A groundbreaking new ChatGPT-like artificial intelligence system trained with the life stories of over a million people is highly accurate in predicting the lives of individuals as well as their risk of early death, according to a new study.
The AI model was trained on the personal data of Denmark’s population and was shown to predict the people’s chances of dying more accurately than any existing system, scientists from the Technical University of Denmark (DTU) said.
In the study, researchers analysed the health and labour market data for 6 million Danes collected from 2008 to 2020, including information on individuals’ education, visits to doctors and hospitals, resulting diagnoses, income, and occupation.
Scientists converted the dataset into words to train a large language model dubbed life2vec similar to the technology behind AI apps like ChatGPT.
Once the AI model learned the patterns in the data, it could outperform other advanced systems and predict outcomes such as personality and time of death with high accuracy, according to the study, published in the journal Nature Computational Science on Tuesday.
Researchers took the data on a group of people from the set aged from 35 to 65 – half of whom died between 2016 and 2020 – and asked the AI system to predict who lived and who died.

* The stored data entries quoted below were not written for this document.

(* Let $n,p,q,c,d$ be nonnegative integers. Then \[ \begin{split} &\sum_{k=0}^n \binom{p+k}{p}\binom{q+n-k}{q}\binom{k}{c}\binom{n-k}{d}H_{p+k}H_{q+n-k}\\ &= \binom{n+p+q+1}{n-c-d}\binom{p+c}{c}\binom{q+d}{d} \Bigl[H_{p+q+c+d+1}^{(2)}-H_{n+p+q+1}^{(2)}\\ &\qquad +(H_{n+p+q+1}-H_{p+q+c+d+1}+H_{p+c})(H_{n+p+q+1}-H_{p+q+c+d+1}+H_{q+d})\Bigr]. \end{split} \]
   Context: For a nonnegative integer $N$ and $m\in\{1,2\}$, $H_N^{(m)}=\sum_{j=1}^N \frac{1}{j^m}$ (empty sum $=0$), and $H_N=H_N^{(1)}$. For integers $r$ and $j$, $\binom{r}{j}=\frac{r(r-1)\cdots(r-j+1)}{j!}$ if $j\ge 0$ and $\binom{r}{j}=0$ if $j<0$. *)

From mathcomp Require Import all_boot all_order all_algebra.
Set Implicit Arguments. Unset Strict Implicit. Unset Printing Implicit Defensive.
Import Order.TTheory GRing.Theory Num.Theory.
Local Open Scope ring_scope.

Definition harm (m N : nat) : rat := \sum_(1 <= j < N.+1) ((j%:R) ^+ m)^-1.
Definition H (N : nat) : rat := harm 1 N.

Definition binz (r : nat) (j : int) : rat :=
  match j with
  | Posz k => ('C(r, k))%:R
  | Negz _ => 0
  end.

(* Let P_i(z) = C(z+i, i) = prod_(t=1..i) (z+t)/t.  Its logarithmic derivative is
   sum_(t=1..i) 1/(z+t) = H_(z+i) - H_z, so at natural x
     C(x+i, i) H_(x+i) = P_i(x) H_x + P_i'(x),
   and P_i''/P_i = (H_(z+i) - H_z)^2 - (H^(2)_(z+i) - H^(2)_z).  Only k = c + i with
   0 <= i <= m := n - c - d contribute, and C(p+k, p) C(k, c) = C(p+c, c) C(p+k, i)
   absorbs the factors C(k, c), C(n-k, d).  The sum is then a combination of the
   convolution sum_i P_i(x) P_(m-i)(y) = P_m(x+y+1) (Chu-Vandermonde) and of its
   derivatives in x and y, obtained by differentiating the convolution as a polynomial
   identity in one variable, valid because it holds at every natural number. *)

From mathcomp Require Import all_boot all_order all_algebra.
From mathcomp Require Import ring zify.
Import Order.TTheory GRing.Theory Num.Theory.

Lemma hockey_stick x m : \sum_(i < m.+1) 'C(x + i, i) = 'C(x + 1 + m, m).
Proof.
elim: m => [|m IHm]; first by rewrite big_ord1 !bin0.
by rewrite big_ord_recr /= IHm addn1 !addnS !addSn binS addnC.
Qed.

Lemma Vandermonde_diag x y m :
  \sum_(i < m.+1) 'C(x + i, i) * 'C(y + (m - i), m - i) = 'C(x + y + 1 + m, m).
Proof.
elim: y m => [|y IHy] m.
  under eq_bigr => i _ do rewrite add0n binn muln1.
  by rewrite hockey_stick addn0.
elim: m => [|m IHm]; first by rewrite big_ord1 !bin0.
have Pascal (i : 'I_m.+1) : 'C(x + i, i) * 'C(y.+1 + (m.+1 - i), m.+1 - i)
    = 'C(x + i, i) * 'C(y + (m.+1 - i), m.+1 - i) + 'C(x + i, i) * 'C(y.+1 + (m - i), m - i).
  by rewrite -mulnDr subSn -1?ltnS // [y.+1 + _]addSn binS -addSnnS.
rewrite big_ord_recr /= subnn bin0 muln1 (eq_bigr _ (fun i _ => Pascal i)).
rewrite big_split /= IHm addnAC.
have := IHy m.+1; rewrite big_ord_recr /= subnn addn0 bin0 muln1 => ->.
have -> : x + y.+1 + 1 + m.+1 = (x + y + 1 + m.+1).+1 by rewrite !addnS !addSn.
by rewrite binS; congr (_ + 'C(_, _)); lia.
Qed.

Lemma mul_bin_trinomial p c i :
  'C(p + c + i, p) * 'C(c + i, c) = 'C(p + c, c) * 'C(p + c + i, i).
Proof.
have fact_pos : 0 < p`! * (c`! * i`!) by rewrite !muln_gt0 !fact_gt0.
apply/eqP; rewrite -(eqn_pmul2r fact_pos); apply/eqP.
have Ec : 'C(c + i, c) * (c`! * i`!) = (c + i)`! by rewrite -(bin_fact (leq_addr i c)) addKn.
have Ep : 'C(p + c, c) * (c`! * p`!) = (p + c)`! by rewrite -(bin_fact (leq_addl p c)) addnK.
have Epc : 'C(p + c + i, p) * (p`! * (c + i)`!) = (p + c + i)`!.
  by rewrite -(bin_fact (leq_trans (leq_addr c p) (leq_addr i _))) -addnA addKn.
have Ei : 'C(p + c + i, i) * (i`! * (p + c)`!) = (p + c + i)`!.
  by rewrite -(bin_fact (leq_addl _ i)) addnK.
rewrite -[LHS]mulnA [_ * (p`! * _)]mulnCA Ec Epc.
by rewrite -Ei -Ep; ring.
Qed.

Local Open Scope ring_scope.

Section BinomialPolynomial.
Context {R : numFieldType}.
Implicit Types (z : R) (P Q G : {poly R}).

Definition binpoly (i : nat) : {poly R} :=
  \prod_(t < i) (('X + t.+1%:R%:P) * (t.+1%:R^-1)%:P).

Definition harm_tail (k i : nat) z : R := \sum_(t < i) ((z + t.+1%:R) ^+ k)^-1.

Lemma binpolyS i : binpoly i.+1 = binpoly i * (('X + i.+1%:R%:P) * (i.+1%:R^-1)%:P).
Proof. by rewrite /binpoly big_ord_recr. Qed.

Lemma harm_tailS k i z : harm_tail k i.+1 z = harm_tail k i z + ((z + i.+1%:R) ^+ k)^-1.
Proof. by rewrite /harm_tail big_ord_recr. Qed.

Lemma horner_binpoly (a i : nat) : (binpoly i).[a%:R] = 'C(a + i, i)%:R.
Proof.
elim: i => [|i IHi]; first by rewrite /binpoly big_ord0 hornerC addn0 bin0.
rewrite binpolyS !(hornerM, hornerD, hornerX, hornerC) IHi -natrD addnS.
by rewrite mulrA -natrM mulnC (mul_bin_diag (a + i).+1) natrM mulrC mulKf ?pnatr_eq0.
Qed.

Lemma addr_natS_neq0 (t : nat) {z} : 0 <= z -> z + t.+1%:R != 0.
Proof. by move=> z_ge0; rewrite lt0r_neq0 // ltr_wpDl. Qed.

Lemma deriv_binpoly i z : 0 <= z ->
  (binpoly i)^`().[z] = (binpoly i).[z] * harm_tail 1 i z.
Proof.
move=> z_ge0; elim: i => [|i IHi].
  by rewrite /binpoly big_ord0 derivC hornerC /harm_tail big_ord0 mulr0.
rewrite binpolyS harm_tailS !(derivM, derivD, derivX, derivC).
rewrite !(hornerM, hornerD, hornerX, hornerC) IHi.
by rewrite expr1; field; rewrite nat1r addr_natS_neq0 // pnatr_eq0.
Qed.

Lemma deriv2_binpoly i z : 0 <= z ->
  (binpoly i)^`()^`().[z] = (binpoly i).[z] * (harm_tail 1 i z ^+ 2 - harm_tail 2 i z).
Proof.
move=> z_ge0; elim: i => [|i IHi].
  by rewrite /binpoly big_ord0 !derivC horner0 /harm_tail !big_ord0 expr0n subr0 mulr0.
rewrite binpolyS !harm_tailS !(derivM, derivD, derivX, derivC).
rewrite !(hornerM, hornerD, hornerX, hornerC) IHi deriv_binpoly //.
by field; rewrite nat1r addr_natS_neq0 // pnatr_eq0.
Qed.

Lemma eq_poly_nat P Q : (forall n : nat, P.[n%:R] = Q.[n%:R]) -> P = Q.
Proof.
move=> eqPQ; apply/eqP; rewrite -subr_eq0; apply/eqP.
apply: (@roots_geq_poly_eq0 _ _ [seq i%:R | i <- iota 0 (size (P - Q))]).
- by apply/allP => _ /mapP [i _ ->]; rewrite /root hornerD hornerN eqPQ subrr.
- by rewrite map_inj_uniq ?iota_uniq // => i j /eqP; rewrite eqr_nat => /eqP.
- by rewrite size_map size_iota.
Qed.

Lemma deriv_horner_shift {P G} {k : R} :
  (forall x : nat, P.[x%:R] = G.[x%:R + k]) -> forall x, P^`().[x] = G^`().[x + k].
Proof.
move=> eqPG x; have -> : P = G \Po ('X + k%:P).
  by apply: eq_poly_nat => n; rewrite horner_comp hornerD hornerX hornerC eqPG.
by rewrite deriv_comp derivD derivX derivC addr0 mulr1 horner_comp hornerD hornerX hornerC.
Qed.

Lemma conv_deriv_l {I} {r : seq I} {F G : I -> {poly R}} {K} :
  (forall x y : nat, \sum_(i <- r) (F i).[x%:R] * (G i).[y%:R] = K.[(x + y + 1)%N%:R]) ->
  forall x y : nat, \sum_(i <- r) (F i)^`().[x%:R] * (G i).[y%:R] = K^`().[(x + y + 1)%N%:R].
Proof.
move=> conv x y; set P := \sum_(i <- r) (G i).[y%:R] *: F i.
have horner_P (x' : R) : P.[x'] = \sum_(i <- r) (F i).[x'] * (G i).[y%:R].
  by rewrite horner_sum; apply: eq_bigr => i _; rewrite hornerZ mulrC.
have deriv_P : P^`() = \sum_(i <- r) (G i).[y%:R] *: (F i)^`().
  by rewrite raddf_sum; apply: eq_bigr => i _; exact: derivZ.
have P_shift (x' : nat) : P.[x'%:R] = K.[x'%:R + (y + 1)%:R].
  by rewrite horner_P -natrD addnA conv.
rewrite -addnA natrD -(deriv_horner_shift P_shift) deriv_P horner_sum.
by apply: eq_bigr => i _; rewrite hornerZ mulrC.
Qed.

Lemma conv_deriv_r {I} {r : seq I} {F G : I -> {poly R}} {K} :
  (forall x y : nat, \sum_(i <- r) (F i).[x%:R] * (G i).[y%:R] = K.[(x + y + 1)%N%:R]) ->
  forall x y : nat, \sum_(i <- r) (F i).[x%:R] * (G i)^`().[y%:R] = K^`().[(x + y + 1)%N%:R].
Proof.
move=> conv x y; rewrite [(x + y)%N]addnC; under eq_bigr do rewrite mulrC.
apply: conv_deriv_l => x' y'.
by rewrite [(x' + y')%N]addnC -conv; apply: eq_bigr => i _; rewrite mulrC.
Qed.

Lemma binpoly_conv (m x y : nat) :
  \sum_(i < m.+1) (binpoly i).[x%:R] * (binpoly (m - i)).[y%:R] = (binpoly m).[(x + y + 1)%N%:R].
Proof.
rewrite horner_binpoly -Vandermonde_diag natr_sum.
by apply: eq_bigr => i _; rewrite !horner_binpoly natrM.
Qed.

End BinomialPolynomial.

Lemma harm_addn k a i : harm k (a + i) = harm k a + harm_tail k i a%:R.
Proof.
elim: i => [|i IHi]; first by rewrite addn0 /harm_tail big_ord0 addr0.
rewrite addnS /harm big_nat_recr //= -/(harm k (a + i)) IHi harm_tailS.
by rewrite -addrA -natrD addnS.
Qed.

Lemma H_addn a i : H (a + i) = H a + harm_tail 1 i a%:R.
Proof. exact: harm_addn. Qed.

Lemma sum_bin_harm_conv a b m :
  \sum_(i < m.+1) ('C(a + i, i)%:R * H (a + i)) * ('C(b + (m - i), m - i)%:R * H (b + (m - i)))
  = 'C(a + b + 1 + m, m)%:R * (harm 2 (a + b + 1) - harm 2 (a + b + 1 + m)
      + (H (a + b + 1 + m) - H (a + b + 1) + H a) * (H (a + b + 1 + m) - H (a + b + 1) + H b)).
Proof.
have binH (x i : nat) :
    'C(x + i, i)%:R * H (x + i) = (binpoly i).[x%:R] * H x + (binpoly i)^`().[x%:R] :> rat.
  by rewrite H_addn -horner_binpoly deriv_binpoly ?ler0n //; ring.
under eq_bigr => i _ do rewrite !binH.
rewrite (eq_bigr (fun i : 'I_m.+1 =>
     H a * H b * ((binpoly i).[a%:R] * (binpoly (m - i)).[b%:R])
   + H a * ((binpoly i).[a%:R] * (binpoly (m - i))^`().[b%:R])
   + H b * ((binpoly i)^`().[a%:R] * (binpoly (m - i)).[b%:R])
   + (binpoly i)^`().[a%:R] * (binpoly (m - i))^`().[b%:R])) => [|i _]; last by ring.
rewrite !big_split /= -!mulr_sumr binpoly_conv (conv_deriv_l (binpoly_conv m)).
rewrite (conv_deriv_r (binpoly_conv m)) (conv_deriv_r (conv_deriv_l (binpoly_conv m))).
rewrite -horner_binpoly deriv2_binpoly ?ler0n // deriv_binpoly ?ler0n //.
by rewrite !H_addn !harm_addn; ring.
Qed.

Lemma sum_nat_window (V : nmodType) (F : nat -> V) n c m :
  (c + m <= n)%N -> (forall k, (k <= n)%N -> (k < c)%N || (c + m < k)%N -> F k = 0) ->
  \sum_(0 <= k < n.+1) F k = \sum_(i < m.+1) F (c + i)%N.
Proof.
move=> le_cm_n F0; have le_c_n := leq_trans (leq_addr m c) le_cm_n.
rewrite (big_cat_nat (n := c)) ?(leqW le_c_n) //= big1_seq ?add0r; last first.
  move=> k /andP[_]; rewrite mem_index_iota => /andP[_ lt_k_c].
  by rewrite F0 ?lt_k_c // (leq_trans (ltnW lt_k_c)).
rewrite (big_cat_nat (n := (c + m.+1)%N)) ?leq_addr ?addnS //= [X in _ + X]big1_seq ?addr0.
  rewrite -{1}[c]add0n big_addn -addnS addKn big_mkord.
  by apply: eq_bigr => i _; rewrite addnC.
by move=> k /andP[_]; rewrite mem_index_iota => /andP[lt_cm_k le_k_n]; rewrite F0 ?lt_cm_k ?orbT.
Qed.

Lemma bin_harm_summand_shift p q c d i j :
  'C(p + (c + i), p)%:R * 'C(q + (d + j), q)%:R * 'C(c + i, c)%:R * 'C(d + j, d)%:R
    * H (p + (c + i)) * H (q + (d + j))
  = 'C(p + c, c)%:R * 'C(q + d, d)%:R
    * (('C(p + c + i, i)%:R * H (p + c + i)) * ('C(q + d + j, j)%:R * H (q + d + j))) :> rat.
Proof.
transitivity ('C(p + c + i, p)%:R * 'C(c + i, c)%:R * ('C(q + d + j, q)%:R * 'C(d + j, d)%:R)
    * H (p + c + i) * H (q + d + j) : rat); first by rewrite !addnA; ring.
by rewrite -!natrM !mul_bin_trinomial !natrM; ring.
Qed.

Theorem mainTheorem5 (n p q c d : nat) :
  \sum_(0 <= k < n.+1)
     ('C(p + k, p))%:R * ('C(q + (n - k), q))%:R * ('C(k, c))%:R * ('C(n - k, d))%:R
       * H (p + k) * H (q + (n - k))
  = binz (n + p + q + 1) (n%:Z - c%:Z - d%:Z) * ('C(p + c, c))%:R * ('C(q + d, d))%:R
    * (harm 2 (p + q + c + d + 1) - harm 2 (n + p + q + 1)
       + (H (n + p + q + 1) - H (p + q + c + d + 1) + H (p + c))
         * (H (n + p + q + 1) - H (p + q + c + d + 1) + H (q + d))).
Proof.
have vanish k : (k < c)%N || (n - k < d)%N ->
    'C(p + k, p)%:R * 'C(q + (n - k), q)%:R * 'C(k, c)%:R * 'C(n - k, d)%:R
      * H (p + k) * H (q + (n - k)) = 0 :> rat.
  by case/orP => /bin_small ->; rewrite !(mul0r, mulr0).
have [lt_n_cd | le_cd_n] := ltnP n (c + d).
  rewrite big_nat_cond big1 => [|k /andP[/andP[_ le_k_n] _]]; last by apply: vanish; lia.
  have -> : binz (n + p + q + 1) (n%:Z - c%:Z - d%:Z) = 0.
    by case E : (_ - _ - _) => [j|j] //; exfalso; lia.
  by rewrite !mul0r.
have [m n_eq] : exists m, n = (c + d + m)%N by exists (n - (c + d))%N; rewrite subnKC.
subst n; rewrite (_ : _ - _ - _ = m%:Z); last by lia.
rewrite (@sum_nat_window _ _ _ c m) => [| |k le_k_n /orP[lt_k_c | lt_cm_k]];
  [| lia | by rewrite vanish ?lt_k_c | by rewrite vanish // (_ : _ - k < d)%N ?orbT; lia].
under eq_bigr => i _
  do rewrite -(addnA c d m) subnDl -(addnBA _ (leq_ord i)) bin_harm_summand_shift.
rewrite -mulr_sumr sum_bin_harm_conv /binz !addnA.
have -> : (c + d + m + p + q + 1 = p + c + q + d + 1 + m)%N by lia.
have -> : (p + q + c + d + 1 = p + c + q + d + 1)%N by lia.
by ring.
Qed.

They found that its predictions were 11 per cent more accurate than that of any other existing AI model, or the method used by life insurance companies to price policies.
What’s exciting is to consider human life as a long sequence of events, similar to how a sentence in a language consists of a series of words, study first author Sune Lehman from DTU said.
This is usually the type of task for which transformer models in AI are used, but in our experiments, we use them to analyze what we call life sequences, i.e., events that have happened in human life, Dr Lehman said.
Using the model, researchers sought answers to general questions like the chances of a person dying within four years.
They found that the model’s responses are consistent with existing findings such that when all other factors are considered, individuals in a leadership position or with a high income are more likely to survive, and being male, skilled, or having a mental diagnosis is associated with a higher risk of dying.
We used the model to address the fundamental question: to what extent can we predict events in your future based on conditions and events in your past? Dr Lehman said
Scientifically, what is exciting for us is not so much the prediction itself, but the aspects of data that enable the model to provide such precise answers, he added.
The model could also accurately predict the outcomes of a personality test in a section of the population better than existing AI systems.
Our framework allows researchers to identify new potential mechanisms that impact life outcomes and associated possibilities for personalized interventions, researchers wrote in the study.
However, scientists caution that the model should not be used by life insurance firms due to ethical concerns.
Clearly, our model should not be used by an insurance company, because the whole idea of insurance is that, by sharing the lack of knowledge of who is going to be the unlucky person struck by some incident, or death, or losing your backpack, we can kind of share this burden, Dr Lehman told New Scientist.
Researchers also warn that there are other ethical issues surrounding the use of life2vec such as protecting sensitive data, privacy, and the role of bias in data.
We stress that our work is an exploration of what is possible but should only be used in real-world applications under regulations that protect the rights of individuals, they said.